Baghdad ER: I give it a B- to a B



On May 21, HBO aired its documentary "Baghdad ER" about a U.S. Army combat support hospital (CSH, or "Cash") in Baghdad. For all the hype surrounding the film, it was rather tame.

My take:

I wish they would have been a bit more journalistic or scientific in their methodology. I couldn't tell if this was over a shift, a week, a month, or if they cherry picked cases they thought were interesting.

Also, the Army CSH in Baghdad is not the premier medical facility in country - the Air Force theater hospital at Balad Air Base is. The CSH primarily stabilizes and transports, doing surgery only if necessary. The theater hospital does almost everything.

I would have liked for them to explain why 90 percent of the casualties that make it to the CSH survive - and 96 percent that make it to Balad survive. Is it the battlefield care, better field trauma dressings, better body armor, etc.?
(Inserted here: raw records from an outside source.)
Lemma incr_nth_decr_nth q j : 0 < nth 0 q j ->
  forall k, nth 0 (incr_nth (decr_nth q j) j) k = nth 0 q k.
Proof.
move=> qj k; rewrite nth_incr_nth nth_set_nth /=.
by case: (eqVneq k j) => [->|//]; rewrite add1n prednK.
Qed.

Lemma occeq_incr_nth p q j :
  occeq (incr_nth p j) q = (0 < nth 0 q j) && occeq p (decr_nth q j).
Proof.
apply/occeqP/andP => [pq | [qj /occeqP pq] k].
  have pqj := pq j; rewrite nth_incr_nth eqxx in pqj.
  split; first by rewrite -pqj.
  apply/occeqP => k; rewrite nth_set_nth /=; case: eqP => [->|/eqP nkj].
    by rewrite -pqj.
  by rewrite -pq nth_incr_nth eq_sym (negbTE nkj).
by rewrite -(incr_nth_decr_nth _ _ qj) !nth_incr_nth pq.
Qed.

Lemma wsum_decr_nth w q j : 0 < nth 0 q j -> wsum w (decr_nth q j) + w j = wsum w q.
Proof. by move=> qj; rewrite -wsum_incr_nth; apply: eq_wsum; apply: incr_nth_decr_nth. Qed.

Lemma wsum_occeq_nil w q : occeq [::] q -> wsum w q = 0.
Proof.
move=> /occeqP q0; rewrite (@eq_wsum w q [::]) => [|k]; last by rewrite -q0.
by rewrite /wsum big_ord0.
Qed.

Lemma nparts_eq0 q : (nparts q == 0) = occeq [::] q.
Proof.
apply/idP/idP => [/eqP q0 | nq]; last by rewrite /nparts wsum_occeq_nil.
apply/occeqP => k; have := leq_nth_wsum (fun=> 1) q k.
rewrite -/(nparts q) q0 mul1n leqn0 nth_nil.
by move/eqP ->.
Qed.

Lemma nparts_deg q m : deg q = m -> nparts q = \sum_(k < m) nth 0 q k.
Proof.
move=> dq; rewrite /nparts (wsum_widen _ (N := m)) => [|k mk].
  by apply: eq_bigr => k _; rewrite mul1n.
have [//|qk] := posnP (nth 0 q k).
have := leq_nth_wsum (fun i => i.+1) q k; rewrite -deg_wsum dq.
have := leq_pmulr k.+1 qk; lia.
Qed.

Lemma decr_nth_nparts_deg q i r m : 0 < i <= m -> 0 < nth 0 q i.-1 ->
  (nparts (decr_nth q i.-1) == r) && (deg (decr_nth q i.-1) == m - i) =
  (nparts q == r.+1) && (deg q == m).
Proof.
move=> /andP[i0 im] qi; rewrite /nparts !deg_wsum.
rewrite -(wsum_decr_nth (fun=> 1) _ _ qi) -(wsum_decr_nth (fun k => k.+1) _ _ qi) /= prednK //.
by rewrite addn1 eqSS; congr (_ && _); apply/eqP/eqP; lia.
Qed.

Lemma mem_comps r k c : c \in comps r k ->
  [/\ size c = r, sumn c = k & all (fun i => 0 < i) c].
Proof.
elim: r k c => [|r IH] k c /=.
  by case: k => [|k] //=; rewrite inE => /eqP ->.
move=> /flattenP [s /mapP [i ik ->]] /mapP [c' c'k ->].
have [c'r c'k' c'0] := IH _ _ c'k; rewrite mem_iota add1n ltnS in ik.
by case/andP: ik => i0 ik; rewrite /= c'r c'k' c'0 andbT subnKC.
Qed.

Lemma size_le_sumn c : all (fun i => 0 < i) c -> size c <= sumn c.
Proof. by elim: c => [|i c IH] //= /andP [i0 /IH]; rewrite -add1n; apply: leq_add. Qed.

(* Occupation numbers of the monomial J_{-c_1} ... J_{-c_r} Omega. *)
Definition occ_of_comp (c : seq nat) : seq nat :=
  foldr (fun n p => incr_nth p n.-1) [::] c.

Lemma nparts_occ_of_comp c : nparts (occ_of_comp c) = size c.
Proof.
elim: c => [|i c IH] /=; first by rewrite /nparts /wsum big_ord0.
by rewrite /nparts wsum_incr_nth -/(nparts _) IH addn1.
Qed.

Lemma deg_occ_of_comp c : all (fun i => 0 < i) c -> deg (occ_of_comp c) = sumn c.
Proof.
elim: c => [|i c IH] /=; first by rewrite /deg big_ord0.
by case/andP => i0 c0; rewrite deg_wsum wsum_incr_nth -deg_wsum IH // prednK // addnC.
Qed.

Lemma big_iota1 (T : Type) (idx : T) (op : T -> T -> T) m (F : nat -> T) :
  \big[op/idx]_(i <- iota 1 m) F i = \big[op/idx]_(k < m) F k.+1.
Proof.
have -> : iota 1 m = index_iota 1 m.+1 by rewrite /index_iota subSS subn0.
by rewrite big_add1 big_mkord.
Qed.

Local Open Scope ring_scope.

Section Norms.
Context {R : realType}.

Lemma sum_if_eq (T : eqType) (s : seq T) x (y : R) : uniq s ->
  \sum_(i <- s) (if x == i then y else 0) = if x \in s then y else 0.
Proof.
move=> us; case: ifP => xs; last first.
  by rewrite big_seq big1 // => i si; case: eqP => // xi; rewrite xi si in xs.
rewrite -big_mkcond (eq_bigl (pred1 x)) => [|j]; last exact: eq_sym.
by rewrite -big_filter filter_pred1_uniq // big_seq1.
Qed.

Lemma weight_widen p N : (size p <= N)%N ->
  weight R p = \prod_(k < N) ((k.+1 ^ nth 0%N p k) * (nth 0%N p k)`!)%:R.
Proof.
move=> pN; rewrite /weight.
rewrite (big_ord_widen _ (fun k => ((k.+1 ^ nth 0%N p k) * (nth 0%N p k)`!)%:R : R) pN).
by rewrite big_mkcond; apply: eq_bigr => k _; case: ltnP => // /(nth_default 0%N) ->.
Qed.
They went to great pains for OPSEC reasons to not say where the CSH was located, except that it was in the Green Zone ("I can't say anything more than that."). Anyone with a computer who does a search on 86th CSH (then) or 10th CSH (now) will locate them at the Ibn Sina* hospital. (Example: Combat Support Hospital Still Saving Lives.) The location of the hospital is well known. Anyone who reads Arabic - and the people we are trying to keep the information from can - would know as soon as they showed the first ten minutes.

I give it a B- to B.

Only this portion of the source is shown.